Но оставался еще комсомол! И меня, как молодого специалиста тут же записали в заместители комсорга, чему я нисколько не удивился.
Так бы все и катилось до отпуска, который обнулял, казалось, все неприятности. Но, вот, однажды, диспетчер вытащил меня из производственного процесса и отправил на встречу с представителем райкома. Никакие технологические трудности, ни срочный ремонт оборудования, ни засыпанная углем спецовка и запорошенное гарью лицо, ничто не отменяло рандеву, поскольку комсорга не было, она работала в ночную смену.
Представитель райкома оказалась хрупкой девушкой утонченной натуры в чудесном пальто и сапожках на высоченных каблуках. Пришлось провести ее по мосту на территорию моего цеха. Мост был промышленный, грубо сколоченным из толстенных надежных досок, с лохматыми от облупившейся краски перилами. Значительно позже я узнал, что для комфортного шага высота ступеней должна быть в районе 15 сантиметров, но наш мост делался для рабочих надобностей и мне пришлось переводить за ручку идейного борца за коммунизм, рискуя уронить престиж района буквально на каждой ступеньке. Зато перебравшись на твердую землю мы стали почти родственниками.
Как оказалось, инструктор райкома пришла проверить работу комсомольского прожектора, которую по статусу курировал именно заместитель комсорга. Погружая в реальность обстановки в рабочем коллективе, я обрисовал проблемы соблюдения демократического централизма на отдельно взятой фабрике. Похвалил за беспримерное мужество работников райкома на фронте борьбы за коммунистическое воспитание молодежи на производстве и наговорил кучу комплиментов. На том, как думалось, все и завершилось. Прошло чуть ли не полгода, и вдруг секретарь из приемной директора сообщила, что мне необходимо прибыть в райком комсомола. Я уже достаточно имел столкновений с плановой экономикой, соцсоревнованием и различными кампаниями, субботниками. По философски восприняв холодную воду в душе, поскольку не время было мыться, я отправился в спальный и одновременно административный центр района.

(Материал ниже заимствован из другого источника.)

Lemma mulF_eq1 a b : Fmul a b = Fone n -> a = Finv b.
Proof. by move=> ab1; rewrite -[a]mulF1 -(mulFV b) mulFA ab1 mul1F. Qed.

Lemma FinvK : involutive (@Finv n).
Proof. by move=> u; symmetry; apply: mulF_eq1; rewrite mulFV. Qed.

Lemma FinvM a b : Finv (Fmul a b) = Fmul (Finv b) (Finv a).
Proof.
symmetry; apply: mulF_eq1.
by rewrite mulFA -(mulFA (Finv b)) mulVF mulF1 mulVF.
Qed.

Lemma Finv1 : Finv (Fone n) = Fone n.
Proof. by symmetry; apply: mulF_eq1; rewrite mul1F. Qed.

End FreeGroup.

Section Congruence.
Variables (n : nat) (N : F n -> bool).
Hypothesis normalN : isNormal N.
Implicit Types (a b c : F n).

Lemma normal1 : N (Fone n). Proof. by case: normalN. Qed.

Lemma normalV a : N a -> N (Finv a).
Proof. by case: normalN => _ NB _ /(NB _ _ normal1); rewrite mul1F. Qed.

Lemma normalM a b : N a -> N b -> N (Fmul a b).
Proof. by case: normalN => _ NB _ Na /normalV /(NB _ _ Na); rewrite FinvK. Qed.

Lemma normalJ g a : N a -> N (Fmul (Fmul g a) (Finv g)).
Proof. by case: normalN => _ _; apply. Qed.

Lemma qeq_refl a : qeq N a a. Proof. by rewrite /qeq mulFV normal1. Qed.

Lemma qeq_sym a b : qeq N a b -> qeq N b a.
Proof. by rewrite /qeq => /normalV; rewrite FinvM FinvK. Qed.

Lemma qeq_trans a b c : qeq N a b -> qeq N b c -> qeq N a c.
Proof.
rewrite /qeq => ab bc; have := normalM ab bc.
by rewrite -mulFA (mulFA (Finv b)) mulVF mul1F.
Qed.

Lemma qeqMr a b c : qeq N a b -> qeq N (Fmul a c) (Fmul b c).
Proof. by rewrite /qeq FinvM -mulFA (mulFA c) mulFV mul1F. Qed.

Lemma qeqMl a b c : qeq N a b -> qeq N (Fmul c a) (Fmul c b).
Proof. by rewrite /qeq FinvM => /(normalJ c); rewrite -!mulFA. Qed.

Lemma qeqM a a' b b' :
  qeq N a a' -> qeq N b b' -> qeq N (Fmul a b) (Fmul a' b').
Proof. by move=> aa' bb'; apply: qeq_trans (qeqMr _ aa') (qeqMl _ bb'). Qed.

Lemma qeq1 a : qeq N a (Fone n) = N a.
Proof. by rewrite /qeq Finv1 mulF1. Qed.

End Congruence.

Section Evaluation.
Variable n : nat.
Implicit Types (u v a b : F n) (t : {ffun 'I_n -> F n}) (s : seq (letter n)).

Definition ev_letter t (l : letter n) : F n :=
  if l.2 then t l.1 else Finv (t l.1).

Definition ev_word t s := foldr (fun l acc => Fmul (ev_letter t l) acc) (Fone n) s.

Definition ev t u := ev_word t (val u).

Lemma ev_letter_flip t l : Fmul (ev_letter t l) (ev_letter t (flip l)) = Fone n.
Proof. by case: l => i [] /=; rewrite /ev_letter /= ?mulFV ?mulVF. Qed.

Lemma ev_word_red_step t l s :
  ev_word t (red_step l s) = Fmul (ev_letter t l) (ev_word t s).
Proof.
case: s => [|y s] //=; case: ifP => // /canc_flip ->.
by rewrite mulFA ev_letter_flip mul1F.
Qed.

Lemma ev_word_reduce t s : ev_word t (reduce s) = ev_word t s.
Proof.
by elim: s => [|x s IH] //; rewrite reduce_cons ev_word_red_step IH.
Qed.

Lemma ev_word_cat t s1 s2 :
  ev_word t (s1 ++ s2) = Fmul (ev_word t s1) (ev_word t s2).
Proof. by elim: s1 => [|x s IH] /=; rewrite ?mul1F // IH mulFA. Qed.

Lemma evM t u v : ev t (Fmul u v) = Fmul (ev t u) (ev t v).
Proof. by rewrite /ev /= ev_word_reduce ev_word_cat. Qed.

Lemma evV t u : ev t (Finv u) = Finv (ev t u).
Proof. by apply: mulF_eq1; rewrite -evM mulVF. Qed.

Lemma ev_gen t i : ev t (gen i) = t i.
Proof. by rewrite /ev /= /ev_letter mulF1. Qed.

Lemma Finv_gen (i : 'I_n) : Finv (gen i) = exist _ [:: (i, false)] erefl.
Proof. by apply: val_inj. Qed.

Lemma F_cons (l : letter n) w (lw : reducedb (l :: w)) :
  exist _ (l :: w) lw =
  Fmul (exist _ [:: l] erefl) (exist _ w (reducedb_tail lw)).
Proof. by apply: val_inj; rewrite FmulE /= red_step_cons. Qed.

Section QuotientHomomorphism.
Variables (N : F n -> bool) (f : F n -> F n).
Hypotheses (normalN : isNormal N)
           (fM : forall x y, qeq N (f (Fmul x y)) (Fmul (f x) (f y))).

Lemma qhom1 : qeq N (f (Fone n)) (Fone n).
Proof.
have := qeqMr (Finv (f (Fone n))) (fM (Fone n) (Fone n)).
by rewrite mul1F -mulFA mulFV mulF1 => /(qeq_sym normalN).
Qed.

Lemma qhomV u : qeq N (f (Finv u)) (Finv (f u)).
Proof.
have := qeq_trans normalN (qeq_sym normalN (fM (Finv u) u)).
rewrite mulVF => /(_ _ qhom1) /(qeqMr (Finv (f u))).
by rewrite -mulFA mulFV mulF1 mul1F.
Qed.

Lemma qhom_ev u : qeq N (f u) (ev [ffun i => f (gen i)] u).
Proof.
case: u => w; elim: w => [|l w IH] lw.
  have -> : exist _ [::] lw = Fone n by apply: val_inj.
  exact: qhom1.
rewrite F_cons evM; apply: (qeq_trans normalN (fM _ _)).
apply: (qeqM normalN) (IH _).
case: l {lw} => i [].
  by rewrite -[exist _ _ _]/(gen i) ev_gen ffunE; apply: qeq_refl.
by rewrite -Finv_gen evV ev_gen ffunE; apply: qhomV.
Qed.

End QuotientHomomorphism.
End Evaluation.

Section CoHopfianPi02.
Variable n : nat.
Implicit Types (N : F n -> bool) (t : {ffun 'I_n -> F n}) (y : F n).

(* The first clause says that [ev t] induces a well-defined injective
   endomorphism of [F n / N], the second that it misses the class of [y]. *)
Definition ev_inj_nonsurj N t y : Prop :=
  (forall x, N x = N (ev t x)) /\ (forall x, ~ qeq N (ev t x) y).

Lemma coHopfianP N : isNormal N ->
  quot_coHopfian N <-> forall t y, ~ ev_inj_nonsurj N t y.
Proof.
move=> normalN; split=> [coH t y [evN evy] | noW f fwd fM finj y].
  have qeq_ev x z : qeq N (ev t x) (ev t z) = qeq N x z.
    by rewrite /qeq -evV -evM -evN.
  have [x] : exists x, qeq N (ev t x) y.
    by apply: coH => x z; rewrite ?qeq_ev // evM; apply: qeq_refl.
  exact: evy.
apply: NNPP => nsurj; apply: (noW [ffun i => f (gen i)] y); split=> x.
  have fx := qhom_ev normalN fM x; have f1 := qhom1 normalN fM.
  apply/idP/idP; rewrite -!(@qeq1 _ N) => x1.
    apply: (qeq_trans normalN (qeq_sym normalN fx)).
    exact: (qeq_trans normalN (fwd _ _ x1) f1).
  apply: finj; apply: (qeq_trans normalN fx).
  exact: (qeq_trans normalN x1 (qeq_sym normalN f1)).
move=> xy; apply: nsurj; exists x.
exact: (qeq_trans normalN (qhom_ev normalN fM x) xy).
Qed.

Lemma open_not_ev_inj_nonsurj t y : open_set (fun N => ~ ev_inj_nonsurj N t y).
Proof.
move=> N /not_and_or [/not_all_ex_not [x Nx] | /not_all_ex_not [x Nxy]].
  exists [:: x; ev t x] => M MN [evNM _]; apply: Nx.
  by rewrite -!MN ?inE ?eqxx ?orbT.
exists [:: Fmul (ev t x) (Finv y)] => M MN [_ /(_ x)].
by rewrite /qeq MN ?inE.
Qed.

Lemma coHopfian_Pi02 : Pi02_in (@isNormal n) (fun N => isNormal N /\ quot_coHopfian N).
Proof.
pose U k N := if unpickle k : option ({ffun 'I_n -> F n} * F n) is Some (t, y)
              then ~ ev_inj_nonsurj N t y else True.
exists U; split=> [k | N normalN].
  rewrite /U; case: unpickle => [[t y]|]; first exact: open_not_ev_inj_nonsurj.
  by move=> N _; exists [::].
rewrite (coHopfianP normalN); split=> [[_ noW] k | UN].
  by rewrite /U; case: unpickle => // -[t y].
by split=> // t y; have := UN (pickle (t, y)); rewrite /U pickleK.
Qed.

End CoHopfianPi02.

Section ExponentSum.
Variables (n : nat) (i0 : 'I_n).
Local Open Scope ring_scope.
Implicit Types (u v : F n) (s : seq (letter n)).

Definition letter_expsum (l : letter n) : int :=
  if l.1 == i0 then (if l.2 then 1 else -1) else 0.

Definition word_expsum s : int := \sum_(l <- s) letter_expsum l.

Definition expsum u := word_expsum (val u).

Lemma letter_expsum_flip l : letter_expsum (flip l) = - letter_expsum l.
Proof. by case: l => i []; rewrite /letter_expsum /=; case: eqP; rewrite ?oppr0. Qed.

Lemma word_expsum_red_step l s :
  word_expsum (red_step l s) = letter_expsum l + word_expsum s.
Proof.
rewrite /word_expsum; case: s => [|y s] /=; first by rewrite big_seq1 big_nil addr0.
case: ifP => [/canc_flip -> | _]; last by rewrite big_cons.
by rewrite big_cons letter_expsum_flip addNKr.
Qed.

Lemma word_expsum_reduce s : word_expsum (reduce s) = word_expsum s.
Proof.
elim: s => [|x s IH] //.
by rewrite reduce_cons word_expsum_red_step IH /word_expsum big_cons.
Qed.

Lemma expsum1 : expsum (Fone n) = 0.
Proof. exact: big_nil. Qed.

Lemma expsumM u v : expsum (Fmul u v) = expsum u + expsum v.
Proof. by rewrite /expsum /= word_expsum_reduce /word_expsum big_cat. Qed.

Lemma expsumV u : expsum (Finv u) = - expsum u.
Proof.
rewrite /expsum /= word_expsum_reduce /word_expsum big_rev big_map.
by rewrite -sumrN; apply: eq_bigr => l _; rewrite letter_expsum_flip.
Qed.

Lemma expsum_gen : expsum (gen i0) = 1.
Proof. by rewrite /expsum /word_expsum big_seq1 /letter_expsum /= eqxx. Qed.

Lemma expsum_gen_iter k : expsum (iter k (Fmul (gen i0)) (Fone n)) = k%:Z.
Proof.
elim: k => [|k IH]; first exact: expsum1.
by rewrite iterS expsumM IH expsum_gen -intS.
Qed.

(* [F n / expsum_dvd m] is [Z / m Z]; in particular it is [Z] for [m = 0]. *)
Definition expsum_dvd (m : nat) u : bool := (m%:Z %| expsum u)%Z.

Lemma expsum_dvd_normal m : isNormal (expsum_dvd m).
Proof.
split=> [|x y|g x]; rewrite /expsum_dvd ?expsum1 ?expsumM ?expsumV.
- exact: dvdz0.
- exact: rpredB.
- by rewrite addrC addKr.
Qed.

Lemma qeq_expsum_dvd m u v :
  qeq (expsum_dvd m) u v = (expsum u == expsum v %[mod m%:Z])%Z.
Proof. by rewrite /qeq /expsum_dvd expsumM expsumV eqz_mod_dvd. Qed.

Lemma expsum_dvd0_not_coHopfian : ~ quot_coHopfian (expsum_dvd 0).
Proof.
have qeq0 u v : qeq (expsum_dvd 0) u v <-> expsum u = expsum v.
  by rewrite qeq_expsum_dvd !modz0; split=> /eqP.
move=> /(_ (fun x => Fmul x x)) coH.
have [x /qeq0] : exists x, qeq (expsum_dvd 0) (Fmul x x) (gen i0).
  apply: coH => x y; rewrite ?qeq0 ?expsumM.
  - by move=> ->.
  - by rewrite addrACA.
  - by rewrite -!mulr2n => /(pmulrnI (isT : (0 < 2)%N)).
by rewrite expsumM expsum_gen; lia.
Qed.

Lemma expsum_dvd_coHopfian m : quot_coHopfian (expsum_dvd m.+1).
Proof.
pose res u : 'I_m.+1 := inord `|(expsum u %% m.+1%:Z)%Z|%N.
pose rep (k : 'I_m.+1) := iter k (Fmul (gen i0)) (Fone n).
have res_val u : (res u)%:Z = (expsum u %% m.+1%:Z)%Z.
  rewrite inordK ?gez0_abs ?modz_ge0 //.
  by rewrite -ltz_nat gez0_abs ?modz_ge0 // ltz_pmod.
have qeq_res u v : qeq (expsum_dvd m.+1) u v <-> res u = res v.
  by rewrite qeq_expsum_dvd -!res_val eqz_nat; split=> [/eqP/val_inj | ->].
have res_rep k : res (rep k) = k.
  by apply: val_inj; apply/eqP; rewrite -eqz_nat res_val expsum_gen_iter modz_small //= ltz_nat ltn_ord.
move=> f _ _ finj y.
have g_inj : injective (fun k => res (f (rep k))).
  by move=> k1 k2 /qeq_res /finj /qeq_res; rewrite !res_rep.
have [h _ resfh] := injF_bij g_inj.
by exists (rep (h (res y))); apply/qeq_res; rewrite resfh.
Qed.

End ExponentSum.

Lemma dvdz_small (m : nat) (z : int) : (`|z| < m)%N -> (m%:Z %| z)%Z = (z == 0%R).
Proof.
move=> zm; rewrite dvdzE /= -absz_eq0.
have [-> | z_gt0] := posnP `|z|%N; first exact: dvdn0.
by rewrite gtnNdvd.
Qed.

Lemma expsum_dvd_small n (i0 : 'I_n) (m : nat) u :
  (`|expsum i0 u| < m)%N -> expsum_dvd i0 m u = expsum_dvd i0 0 u.
Proof. by move=> um; rewrite /expsum_dvd dvd0z dvdz_small. Qed.

Theorem mainTheorem16 (n : nat) (hn : 2 <= n) :
  Pi02_in (@isNormal n) (fun N => isNormal N /\ quot_coHopfian N) /\
  ~ closed_in (@isNormal n) (fun N => isNormal N /\ quot_coHopfian N).
Proof.
split; first exact: coHopfian_Pi02.
have i0 : 'I_n := Ordinal (ltnW hn).
case=> K [closedK CK].
have notK0 : ~ K (expsum_dvd i0 0).
  by move/(CK _ (expsum_dvd_normal _ _)) => [_ /expsum_dvd0_not_coHopfian].
have [s nearK0] := closedK _ notK0.
pose m := \max_(g <- s) `|expsum i0 g|%N.
apply: (nearK0 (expsum_dvd i0 m.+1)).
  by move=> g gs; apply: expsum_dvd_small; rewrite ltnS; apply: leq_bigmax_seq.
apply/(CK _ (expsum_dvd_normal _ _)).
by split; [apply: expsum_dvd_normal | apply: expsum_dvd_coHopfian].
Qed.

В приемной, не без труда найденной в четырехэтажном здании, приветливая секретарша тут же ввела в просторный, даже пустоватый кабинет первого секретаря. Из ознакомительного разговора я понял, что это было предложение перейти на работу в райком. Название должности - заворг - ни о чем не говорило. Но подтверждая серьезность намерения первый повел на верх, в райком партии. Там состоялся хитрый разговор о том, о сем, из которого в сухом остатке явствовало, что хотя зарплата чуть ниже, возможностей ее красиво потратить гораздо больше. И потом, перспектива, уходящая далеко за горизонт, вплоть до Генерального секретаря КПСС! Я покосился на бровастое лицо каким-то чудом гармонирующее с непомерно широкими плечами, написанными чуть другой краской, на ряд звезд Героя, и скромно возразил, что не являюсь членом партии.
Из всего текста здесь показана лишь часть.